[Biopython] Converting from NCBIXML to SearchIO

Thu Mar 6 19:34:48 UTC 2014

Hi list mates,
  I am rather happy with SearchIO, I haven't found more issues while converting my code. Let's see what devs do with proposed sanitization of objects lacking certain attributes. More impressions at the very end of the email.

Martin Mokrejs wrote:
> Martin Mokrejs wrote:
>> Hi,
>>    I am in the process of conversion to the new XML parsing code written by Bow.
>> So far, I have deciphered the following replacement strings (somewhat written in sed(1) format):
>>
>>
>> /hsp.identities/hsp.ident_num/
>> /hsp.score/hsp.bitscore/
>> /hsp.expect/hsp.evalue/
>> /hsp.bits/hsp.bitscore/
>> /hsp.gaps/hsp.gap_num/
>> /hsp.bits/hsp.bitscore_raw/
> 
> Aside from the fact I pasted twice the _hsp.bits line, my guess was wrong.

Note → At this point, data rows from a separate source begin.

Section Rigid.
Variable p : {poly k}.
Hypothesis p_rigid : rigid p.
Local Notation s := (sigma2 k).
Local Notation t := (t2 p).

Lemma rigid_size : (2 < size p)%N.
Proof.
rewrite ltnNge; apply/negP => p_le2.
have := @p_rigid 0 0 0; rewrite scale0r subr0 => /(_ p_le2)[/eqP].
by rewrite eq_sym oner_eq0.
Qed.

Lemma rigid_conj a b c d : a != 0 ->
  (size (p \Po (b *: 'X + c%:P) - a *: p - d%:P)%R <= 2)%N -> [/\ a = 1, b = 1 & c = 0].
Proof.
set r := _ - _ - _ => a_nz r_le2.
have rE : p - a^-1 *: (p \Po (b *: 'X + c%:P)) = - a^-1 *: (r + d%:P).
  by rewrite /r subrK scalerBr !scaleNr scalerA mulVf // scale1r opprK addrC.
have [ainv1 [-> ->]] : a^-1 = 1 /\ b = 1 /\ c = 0.
  apply: p_rigid; rewrite rE (leq_trans (size_scale_leq _ _)) // (leq_trans (size_polyD _ _)) //.
  by rewrite geq_max r_le2 size_polyC (leq_trans (leq_b1 _)).
by split=> //; rewrite -[a]invrK ainv1 invr1.
Qed.

Lemma nonaffine_t : nonaffine_jonq t.
Proof. by exists (-1), 1, 0, p; rewrite t2E oppr_eq0 oner_eq0 rigid_size. Qed.

Lemma t2_conj_triangular a b c d :
  (t * jonq a b c d%:P * t)%g = jonq a b c (p \Po (b *: 'X + c%:P) - a *: p - d%:P).
Proof.
rewrite t2E !jonqM scale1r polyC0 !addr0 comp_polyXr.
by congr jonq; rewrite -?mul_polyC; ring.
Qed.

Lemma t2_conj_triangular_cases a b c d : a != 0 -> b != 0 ->
  nonaffine_jonq (t * jonq a b c d%:P * t)%g \/
  [/\ a = 1, b = 1, c = 0 & (t * jonq a b c d%:P * t)%g = jonq 1 1 0 (- d)%:P].
Proof.
move=> a_nz b_nz; rewrite t2_conj_triangular.
have [r_gt2 | r_le2] := ltnP 2 (size (p \Po (b *: 'X + c%:P) - a *: p - d%:P)%R).
  by left; exists a, b, c, (p \Po (b *: 'X + c%:P) - a *: p - d%:P).
have [-> -> ->] := rigid_conj a_nz r_le2; right; split=> //.
by rewrite !scale1r polyC0 addr0 comp_polyXr subrr sub0r polyCN.
Qed.

Lemma sandwich_shear a b c e d : a != 0 -> b != 0 -> e != 0 ->
  exists2 ls, Forall nonaffine_jonq ls &
    (s * t * s * t * s * jonq a b c (e *: 'X + d%:P) * s * t * s * t)%g =
    (\prod_(g <- ls) (s * g))%g.
Proof.
move=> a_nz b_nz e_nz; have r_nz : b / e != 0 by rewrite mulf_neq0 ?invr_eq0.
pose a1 := jonq (- (a * (b / e))) 1 d ((b / e) *: 'X + c%:P); pose a2 := jonq e 1 0 (a *: 'X).
have ta1_na : nonaffine_jonq (t * a1)%g.
  rewrite t2E jonqM [_ + (p \Po _)]addrC; apply: nonaffine_jonqD.
  - by rewrite mulN1r opprK mulf_neq0.
  - by rewrite mulr1 oner_eq0.
  - by rewrite size_comp_affine ?oner_eq0 // rigid_size.
  - by rewrite scaleN1r size_opp size_affine_le2.
have a2t_na : nonaffine_jonq (a2 * t)%g.
  rewrite t2E jonqM; apply: nonaffine_jonqD.
  - by rewrite mulrN1 oppr_eq0.
  - by rewrite mulr1 oner_eq0.
  - by rewrite size_scale // rigid_size.
  - by rewrite scale1r polyC0 addr0 comp_polyXr (leq_trans (size_scale_leq _ _)) ?size_polyX.
have t_na := nonaffine_t.
exists [:: t; (t * a1)%g; (a2 * t)%g; t]; first by do !apply: Forall_cons.
exact/sandwich_split/sigma2_conj_shear.
Qed.

(* If t (s x s) t is still affine, rigidity makes x a translation (x, y + c);
   one more conjugation by s and t is nonaffine unless c = 0. *)
Lemma sandwich_triangular a b c d : a != 0 -> b != 0 -> jonq a b c d%:P != 1%g ->
  exists2 ls, Forall nonaffine_jonq ls &
    (s * t * s * t * s * jonq a b c d%:P * s * t * s * t)%g = (\prod_(g <- ls) (s * g))%g.
Proof.
move=> a_nz b_nz x_nt; have t_na := nonaffine_t.
have [y_na | [b1 a1 d0 yE]] := t2_conj_triangular_cases d c b_nz a_nz.
  rewrite -sigma2_conj_triangular in y_na.
  exists [:: t; (t * (s * jonq a b c d%:P * s) * t)%g; t]; last exact: sandwich_conj.
  exact: Forall_cons _ t_na (Forall_cons _ y_na (Forall_cons _ t_na (Forall_nil _))).
subst a b d.
have [z_na | [_ _ /eqP]] := t2_conj_triangular_cases (- c) 0 (oner_neq0 k) (oner_neq0 k).
  rewrite -(sigma2_conj_triangular 1 1 0 (- c)) -yE -(sigma2_conj_triangular 1 1 c 0) in z_na.
  pose x := jonq 1 1 c 0%:P. (* named outside %g, where 1 would be the monoid unit *)
  exists [:: (t * (s * (t * (s * x * s) * t) * s) * t)%g]; last exact: sandwich_conj2.
  exact: Forall_cons _ z_na (Forall_nil _).
by rewrite oppr_eq0 => /eqP c0; move: x_nt; rewrite c0 polyC0 jonq1 eqxx.
Qed.

Lemma sandwich_nonaffine x : in_B x -> x != 1%g ->
  exists2 ls, Forall nonaffine_jonq ls &
    (s * t * s * t * s * x * s * t * s * t)%g = (\prod_(g <- ls) (s * g))%g.
Proof.
move=> /in_BP[a [b [c [q [a_nz b_nz ->]]]]] x_nt.
have [q_gt2 | /size_le2_polyE qE] := ltnP 2 (size q).
  have t_na := nonaffine_t; have x_na : nonaffine_jonq (jonq a b c q) by exists a, b, c, q.
  exists [:: t; t; jonq a b c q; t; t]; last exact: sandwichE.
  by do !apply: Forall_cons.
move: x_nt; rewrite qE; have [e0 | e_nz] := eqVneq q`_1 0.
  by rewrite e0 scale0r add0r; exact: sandwich_triangular.
by move=> _; exact: sandwich_shear.
Qed.

Lemma f44E : f44 p = (s * t * (s * t) * (s * (t * s * (t * s))))%g.
Proof. by []. Qed.

Lemma sigma2_notin_gen : ~ gen2 (fun g => in_B g \/ g = f44 p) s.
Proof.
have fK := palindromeK sigma2K f44E (t2K p).
have gen_rinv g : in_B g \/ g = f44 p -> exists2 g', in_B g' \/ g' = f44 p & (g * g')%g = 1%g.
  case=> [/in_B_rinv[g' Bg' gg'] | ->]; first by exists g'; first left.
  by exists (f44 p); [right | exact: fK].
move=> /(gen2_prod gen_rinv)[gs gen_gs sE].
have [Bs | [b0 [bs [bn [Bb0 Lbs Bbn wE]]]]] := prod_normal_form in_B1 in_BM fK gen_gs.
  by apply: sigma2_notin_B; rewrite sE.
have t_na := nonaffine_t.
have [ls Lls /eqP] :=
  ping_pong_conj sigma2K f44E t_na sandwich_nonaffine Lbs (esym (etrans sE wE)).
apply/negP/in_B_comp_neq1 => //.
exact: msize_chain (Forall_cons _ t_na (Forall_cons _ t_na Lls)) (sigma2_conj_snd_dominates Bbn).
Qed.

End Rigid.
End Jonquieres.

Theorem proposition4p4 (k : fieldType) (p : {poly k}) :
  (forall alpha beta gamma : k,
     (size (p - alpha *: (p \Po (beta *: 'X + gamma%:P)))%R <= 2)%N ->
     alpha = 1 /\ beta = 1 /\ gamma = 0) ->
  exists h : endo2 k, is_aut2 h /\
    ~ gen2 (fun g => in_B g \/ g = f44 p) h.
Proof.
move=> p_rigid; exists (sigma2 k); split; last exact: sigma2_notin_gen.
by exists (sigma2 k); split; exact: sigma2K.
Qed.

The code works now but needed the following changes from NCBIXML to SearchIO names:
> 
> /_hsp.score/_hsp.bitscore_raw/
> /_hsp.bits/_hsp.bitscore/
> 
> 
>> /hsp.positives/hsp.pos_num/
>> /hsp.sbjct_start/hsp.hit_start/
>> /hsp.sbjct_end/hsp.hit_end/
>> # hsp.query_start # no change from NCBIXML
>> # hsp.query_end # no change from NCBIXML
>> /record.query.split()[0]/record.id/
>> /alignment.hit_def.split(' ')[0]/alignment.hit_id/
>> /record.alignments/record.hits/
>>
>> /hsp.align_length/hsp.aln_span/ # I hope these do the same as with NCBIXML (don't remember whether the counts include minus signs of the alignment or not)
>>
>>
>>
>>
>> Now I am uncertain. There used to be hsp.sbjct_length and alignment.length. I think the former length was including the minus sign for gaps while the latter is just the real length of the query sequence.
>>
>> Nevertheless, what did alignment.length transform into? Into len(hsp.query_all)? I don't think hsp.query_span but who knows. ;)
> 
> 
> Answering myself:
> 
> /alignment.hit_id/alignment.id/
> /alignment.length/_record.hits[0].seq_len/
> 
> 
> Other changes:
> 
> _hsp.sbjct/_hsp.hit.seq.tostring() # aligned sequence including dashes [ATGCNatgcn-]
> _hsp.query/_hsp.query.seq.tostring() # aligned sequence including dashes [ATGCNatgcn-]
> _hsp.match/_hsp.aln_annotation['homology']/ # e.g. '||||||||||||||||||||||||||||||||||| |||||||||| |   ||| ||   ||||||| |||||'
> 
> I think the dictionary key should have been better named "similarity".
> 
> 
> 
> The strand does not translate simply to SearchIO, one needs to do:
> /_hsp.strand/(_hsp.query_strand, _hsp.hit_strand)/ # the tuple will be e.g. (1, 1) while I think it used to be under NCBIXML as either ('Plus', 'Plus'), ('Plus, 'Minus'), (None, None), etc.
> 
> 
> 
>>
>>
>>
>> Meanwhile I see my biopython-1.62 doesn't understand hsp.gap_num, looks that has been added to SearchIO in 1.63. so, that's all from me now until I upgrade. ;)
> 
> I got around with try/except although it is more expensive than previously sufficient if/else tests:
> 
>         # undo the off-by-one change in SearchIO and transform back to real-life numbers
>         _hit_start = _hsp.hit_start + 1
>         _query_start = _hsp.query_start + 1
> 
>         try:
>             _ident_num = _hsp.ident_num
>         except:
>             _ident_num = 0
> 
>         try:
>             _pos_num = _hsp.pos_num
>         except:
>             _pos_num = 0
> 
>         try:
>             _gap_num = _hsp.gap_num
>         except:
>             # calculate gaps count missing sometimes in legacy blast XML output
>             # see also https://redmine.open-bio.org/issues/3363 saying that also _multimer_hsp_identities and _multimer_hsp_positives are affected
>             _gap_num = _hsp.aln_span - _ident_num
> 
> 
> 
> 
> 
> 
> So far I can conclude, that by transition from NCBIXML to SearchIO I got 30% wallclock speedup, but the most important will be for me whether it will save me memory used for parsing of huge XML files (>100GB uncompressed) . That I don't know yet, am still testing.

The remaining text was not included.